----- DATASET ENTRIES

Lemma sum_ge_floor (I : finType) (P : pred I) (F : I -> R) d :
  0 <= d -> (forall i, P i -> - d <= F i) -> - (d * #|I|%:R) <= \sum_(i | P i) F i.
Proof.
move=> d0 F_ge; rewrite big_mkcond /=.
apply: le_trans (_ : \sum_(i : I) - d <= _); first by rewrite sumr_const mulNrn mulr_natr.
by apply: ler_sum => i _; case: ifP => Pi; [exact: F_ge | rewrite oppr_le0].
Qed.

Lemma sum_ge_gap (I : finType) (P : pred I) (F : I -> R) d E :
  0 <= d -> (forall i, P i -> - d <= F i) -> (E <= 0 \/ exists2 i, P i & E <= F i) ->
  E - d * #|I|%:R <= \sum_(i | P i) F i.
Proof.
move=> d0 F_ge [E0|[i0 Pi0 Fi0]].
  by apply: le_trans (sum_ge_floor d0 F_ge); rewrite -[leRHS]add0r lerD2r.
rewrite (bigD1 i0) //= lerD //.
by apply: sum_ge_floor => // i /andP[Pi _]; exact: F_ge.
Qed.

Lemma pair_sum_gap f p q d E x0 : 0 <= d ->
  (forall x y, pair_arg p x -> pair_arg q y -> - d <= f x - f y) ->
  pair_arg p x0 -> (forall y, pair_arg q y -> E <= f x0 - f y) ->
  E - d * (m%:R + 2 * m%:R ^+ 2) <= pair_sum f p - pair_sum f q.
Proof.
move=> d0 all_ge px0 gap.
set F1 := fun i : 'I_m => f (2 * p ord0 i) - f (2 * q ord0 i).
set F2 := fun ij : 'I_m * 'I_m =>
  f (p ord0 ij.1 - p ord0 ij.2) - f (q ord0 ij.1 - q ord0 ij.2).
set F3 := fun ij : 'I_m * 'I_m =>
  f (p ord0 ij.1 + p ord0 ij.2) - f (q ord0 ij.1 + q ord0 ij.2).
set P2 := fun ij : 'I_m * 'I_m => ij.2 != ij.1.
have -> : pair_sum f p - pair_sum f q =
    \sum_i F1 i + \sum_(ij | P2 ij) F2 ij + \sum_(ij | P2 ij) F3 ij.
  rewrite /pair_sum !pair_big_dep /= !sumrB; lra.
have cards : #|'I_m|%:R = m%:R :> R /\ #|{: 'I_m * 'I_m}|%:R = m%:R ^+ 2 :> R.
  by rewrite card_prod card_ord natrM expr2.
have G1 E1 : E1 <= 0 \/ (exists2 i, true & E1 <= F1 i) -> E1 - d * m%:R <= \sum_i F1 i.
  rewrite -(proj1 cards); apply: sum_ge_gap => // i _.
  by apply: all_ge; left; exists i.
have G2 E2 : E2 <= 0 \/ (exists2 ij, P2 ij & E2 <= F2 ij) ->
    E2 - d * m%:R ^+ 2 <= \sum_(ij | P2 ij) F2 ij.
  rewrite -(proj2 cards); apply: sum_ge_gap => // [[i j] ji].
  by apply: all_ge; right; exists i, j; split=> //; left.
have G3 E3 : E3 <= 0 \/ (exists2 ij, P2 ij & E3 <= F3 ij) ->
    E3 - d * m%:R ^+ 2 <= \sum_(ij | P2 ij) F3 ij.
  rewrite -(proj2 cards); apply: sum_ge_gap => // [[i j] ji].
  by apply: all_ge; right; exists i, j; split=> //; right.
have G1' := G1 0 (or_introl (lexx 0)).
have G2' := G2 0 (or_introl (lexx 0)); have G3' := G3 0 (or_introl (lexx 0)).
case: px0 gap => [[i ->] | [i [j [ji [-> | ->]]]]] gap.
- have hq : pair_arg q (2 * q ord0 i) by left; exists i.
  by have := G1 E (or_intror (ex_intro2 _ _ i isT (gap _ hq))); lra.
- have hq : pair_arg q (q ord0 i - q ord0 j) by right; exists i, j; split=> //; left.
  by have := G2 E (or_intror (ex_intro2 _ _ (i, j) ji (gap _ hq))); lra.
- have hq : pair_arg q (q ord0 i + q ord0 j) by right; exists i, j; split=> //; right.
  by have := G3 E (or_intror (ex_intro2 _ _ (i, j) ji (gap _ hq))); lra.
Qed.

End PairSums.
(* Let $\boldsymbol k$ be an algebraically closed field of characteristic $p>0$, and let $C$ be a finite cyclic group whose order is a positive power of $p$ (generated by a nonidentity unipotent element). For every finite-dimensional $\boldsymbol kC$-modules $P$ and $Q$, $$|P\otimes Q|\leqslant |P\otimes I^{\oplus\dim_{\boldsymbol k}Q}|,$$ where $I$ is the one-dimensional trivial $\boldsymbol kC$-module and $C$ acts on tensor products diagonally.
   Context: For a finite-dimensional $\boldsymbol kC$-module $N$, $|N|$ denotes the number of indecomposable summands in a decomposition of $N$ as a direct sum of indecomposable $\boldsymbol kC$-submodules (well defined by the Krull–Schmidt theorem). $I^{\oplus r}$ is the direct sum of $r$ copies of $I$. *)

From HB Require Import structures.
From mathcomp Require Import all_boot all_order all_algebra all_fingroup all_solvable.
From mathcomp Require Import mxrepresentation.
From mathcomp Require Import mxtens.
Set Implicit Arguments. Unset Strict Implicit. Unset Printing Implicit Defensive.
Import GRing.Theory.
Local Open Scope ring_scope.

(* Finite-dimensional kG-modules are represented as matrix representations
   [mx_representation F G n] (row-vector convention of mxrepresentation.v). *)

Lemma tensmx11 (R : comPzRingType) (m n : nat) :
  (1%:M : 'M[R]_m) *t (1%:M : 'M[R]_n) = 1%:M.
Proof.
apply/matrixP=> i j.
case: (mxtens_indexP i)=> i0 i1; case: (mxtens_indexP j)=> j0 j1.
rewrite tensmxE !mxE /= (inj_eq (can_inj (@mxtens_indexK m n))) xpair_eqE.
by case: (i0 == j0); case: (i1 == j1); rewrite ?mulr1 ?mulr0 ?mul0r.
Qed.

Section Tens.
Variables (F : fieldType) (gT : finGroupType) (G : {group gT}).

Lemma tens_mx_repr m n (rP : mx_representation F G m)
    (rQ : mx_representation F G n) :
  mx_repr G (fun x => rP x *t rQ x).
Proof.
split; first by rewrite !repr_mx1 tensmx11.
by move=> x y Gx Gy /=; rewrite tensmx_mul !repr_mxM.
Qed.

Definition tens_repr m n (rP : mx_representation F G m)
    (rQ : mx_representation F G n) : mx_representation F G (m * n) :=
  MxRepresentation (tens_mx_repr rP rQ).

Lemma triv_mx_repr n : mx_repr G (fun _ : gT => (1%:M : 'M[F]_n)).
Proof. by split=> // x y _ _; rewrite mulmx1. Qed.

Definition triv_repr n : mx_representation F G n :=
  MxRepresentation (triv_mx_repr n).

Definition mx_indecomposable n (rG : mx_representation F G n) (U : 'M[F]_n) :=
  [/\ mxmodule rG U, U != 0 &
      forall U1 U2 : 'M[F]_n, mxmodule rG U1 -> mxmodule rG U2 ->
        (U1 + U2 :=: U)%MS -> mxdirect (U1 + U2) -> U1 = 0 \/ U2 = 0].

Definition indec_decomposition n (rG : mx_representation F G n) (r : nat) :=
  exists W : 'I_r -> 'M[F]_n,
    [/\ forall i, mx_indecomposable rG (W i),
        (\sum_i W i :=: 1%:M)%MS & mxdirect (\sum_i W i)].
End Tens.

(* Let g generate C and, for a representation rho, put N := rho g - 1.  As C
   is a p-group in characteristic p, N is nilpotent, and the submodules are
   exactly the N-stable subspaces.  Every N-stable indecomposable subspace has a
   one-dimensional fixed space: a vector v of maximal height k spans, with its
   N-translates, a cyclic summand, complemented by the common kernel of the
   functionals x |-> phi (x N^j), j <= k, for a coordinate phi with
   phi (v N^k) <> 0.  Hence any decomposition into indecomposables has exactly
   dim ker N summands, and with X, Y the matrices of g on P and Q the claim
   becomes n * rank (X - 1) <= rank (X (x) Y - 1).  Up to swapping the tensor
   factors, this follows by induction on n: conjugating Y to lower block
   triangular form with a fixed vector first makes Y (x) X - 1 block lower
   triangular with diagonal blocks X - 1 and Y' (x) X - 1. *)

From HB Require Import structures.
From mathcomp Require Import all_boot all_order all_algebra all_fingroup all_solvable.
From mathcomp Require Import pgroup cyclic mxrepresentation mxtens zify.
Set Implicit Arguments. Unset Strict Implicit. Unset Printing Implicit Defensive.
Import GRing.Theory.
Local Open Scope ring_scope.

Section NilpotentStable.
Variables (F : fieldType) (d : nat) (N : 'M[F]_d).

Lemma stablemxX a (W : 'M_(a, d)) k :
  (W *m N <= W)%MS -> (W *m N ^+ k <= W)%MS.
Proof.
move=> sWN; elim: k => [|k IHk]; first by rewrite expr0 mulmx1.
by rewrite exprSr mulmxA (submx_trans (submxMr N IHk)).
Qed.

Lemma mulmx_powN_eq0 a (W : 'M_(a, d)) k t :
  W *m N ^+ k = 0 -> (k <= t)%N -> W *m N ^+ t = 0.
Proof. by move=> WNk /subnKC <-; rewrite exprD mulmxA WNk mul0mx. Qed.

Lemma nilpotent_height a (W : 'M_(a, d)) e :
  W != 0 -> W *m N ^+ e = 0 ->
  exists k, W *m N ^+ k != 0 /\ W *m N ^+ k.+1 = 0.
Proof.
move=> nzW WNe; have exP : exists j, W *m N ^+ j == 0 by exists e; apply/eqP.
case: (ex_minnP exP) => [[|k] /eqP WNk min_k].
  by move: WNk; rewrite expr0 mulmx1 => W0; rewrite W0 eqxx in nzW.
by exists k; split=> //; apply/negP => /min_k; rewrite ltnn.
Qed.

Lemma stable_capmx_kermx_neq0 a (W : 'M_(a, d)) e :
  N ^+ e = 0 -> (W *m N <= W)%MS -> W != 0 -> (W :&: kermx N)%MS != 0.
Proof.
move=> Ne0 sWN nzW; have [|k [nzWNk WNk1]] := nilpotent_height nzW (e := e).
  by rewrite Ne0 mulmx0.
apply: contraNneq nzWNk => capW0; rewrite -submx0 -capW0.
rewrite sub_capmx stablemxX //; apply/sub_kermxP.
by rewrite -mulmxA -[_ *m N]/(_ * N) -exprSr.
Qed.
(* With room left ([|A| < k]) nabla dominates the marginal gains; otherwise it
   dominates the swap gains, and [submod_exchange] applies. *)
Lemma sum_nabla_ge A O : submodular g -> (forall B, 0 <= g B) -> (#|O| <= k)%N ->
  g (A :|: O) - 2 * g A <= \sum_(x in O) nabla g k x A.
Proof.
move=> sg g0 cO; set O' := O :\: A.
have -> : A :|: O = A :|: O' by apply/setP => z; rewrite !inE; case: (z \in A).
have sub := ler_sum_subset (subsetDl O A) (nabla_ge0^~ A); apply: le_trans sub.
have notinA x : x \in O' -> x \notin A by case/setDP.
have := g0 A; case: (ltnP #|A| k) => kA gA.
  have := submod_setU_le_sum A O' sg.
  suff : \sum_(o in O') (g (o |: A) - g A) <= \sum_(x in O') nabla g k x A by lra.
  apply: ler_sum => x /notinA xA.
  by rewrite /nabla (negbTE xA) kA le_max /Delta lexx orbT.
have [Y [_ YA cY]] :
    exists Y : {set Tp T l}, [/\ set0 \subset Y, Y \subset A & #|Y| = #|O'|].
  apply: subset_card_between (sub0set A) _; rewrite cards0 /=.
  by apply: leq_trans (leq_trans cO kA); apply: subset_leq_card; apply: subsetDl.
have dO'A : [disjoint O' & A] by rewrite /O' disjoints_subset setDE subsetIr.
have swap o y : o \in O' -> y \in A -> g (o |: (A :\ y)) - g A <= nabla g k o A.
  move=> /notinA oA yA; rewrite /nabla (negbTE oA) ltnNge kA /=.
  exact: le_bigmax_cond.
have := submod_exchange (N := fun x => nabla g k x A) sg dO'A YA cY swap.
have := g0 (A :\: Y); lra.
Qed.

Lemma trim_subset_ge (ord : seq (Tp T l)) B :
  trim g ord B \subset B /\ g B <= g (trim g ord B).
Proof.
rewrite /trim; move: [seq x <- ord | x \in B] => s.
elim: s B => [|x s IH] B /=; first by [].
case: ifP => [/andP[_ hlt]|_]; last exact: IH.
have [sub ge] := IH (B :\ x); split; first exact: subset_trans sub (subD1set _ _).
by apply: le_trans ge; lra.
Qed.

End GreedyStep.

Lemma invn_ge0 {R : numFieldType} {n : nat} : 0 <= (n%:R : R)^-1.
Proof. by rewrite invr_ge0 ler0n. Qed.

Lemma mulVn {R : numFieldType} {n : nat} : (0 < n)%N -> (n%:R : R)^-1 * n%:R = 1.
Proof. by move=> n_gt0; rewrite mulVf // pnatr_eq0 -lt0n. Qed.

----------

TASK DETAILS: Please reproduce, exactly as they appear above, the lines from the line containing "by apply: all_ge; right; exists i, j; split=> //; left." up to and including the line containing "- have hq : pair_arg q (2".

ANSWER TO THIS EXERCISE:
  by apply: all_ge; right; exists i, j; split=> //; left.
have G3 E3 : E3 <= 0 \/ (exists2 ij, P2 ij & E3 <= F3 ij) ->
    E3 - d * m%:R ^+ 2 <= \sum_(ij | P2 ij) F3 ij.
  rewrite -(proj2 cards); apply: sum_ge_gap => // [[i j] ji].
  by apply: all_ge; right; exists i, j; split=> //; right.
have G1' := G1 0 (or_introl (lexx 0)).
have G2' := G2 0 (or_introl (lexx 0)); have G3' := G3 0 (or_introl (lexx 0)).
case: px0 gap => [[i ->] | [i [j [ji [-> | ->]]]]] gap.
- have hq : pair_arg q (2 * q ord0 i) by left; exists i.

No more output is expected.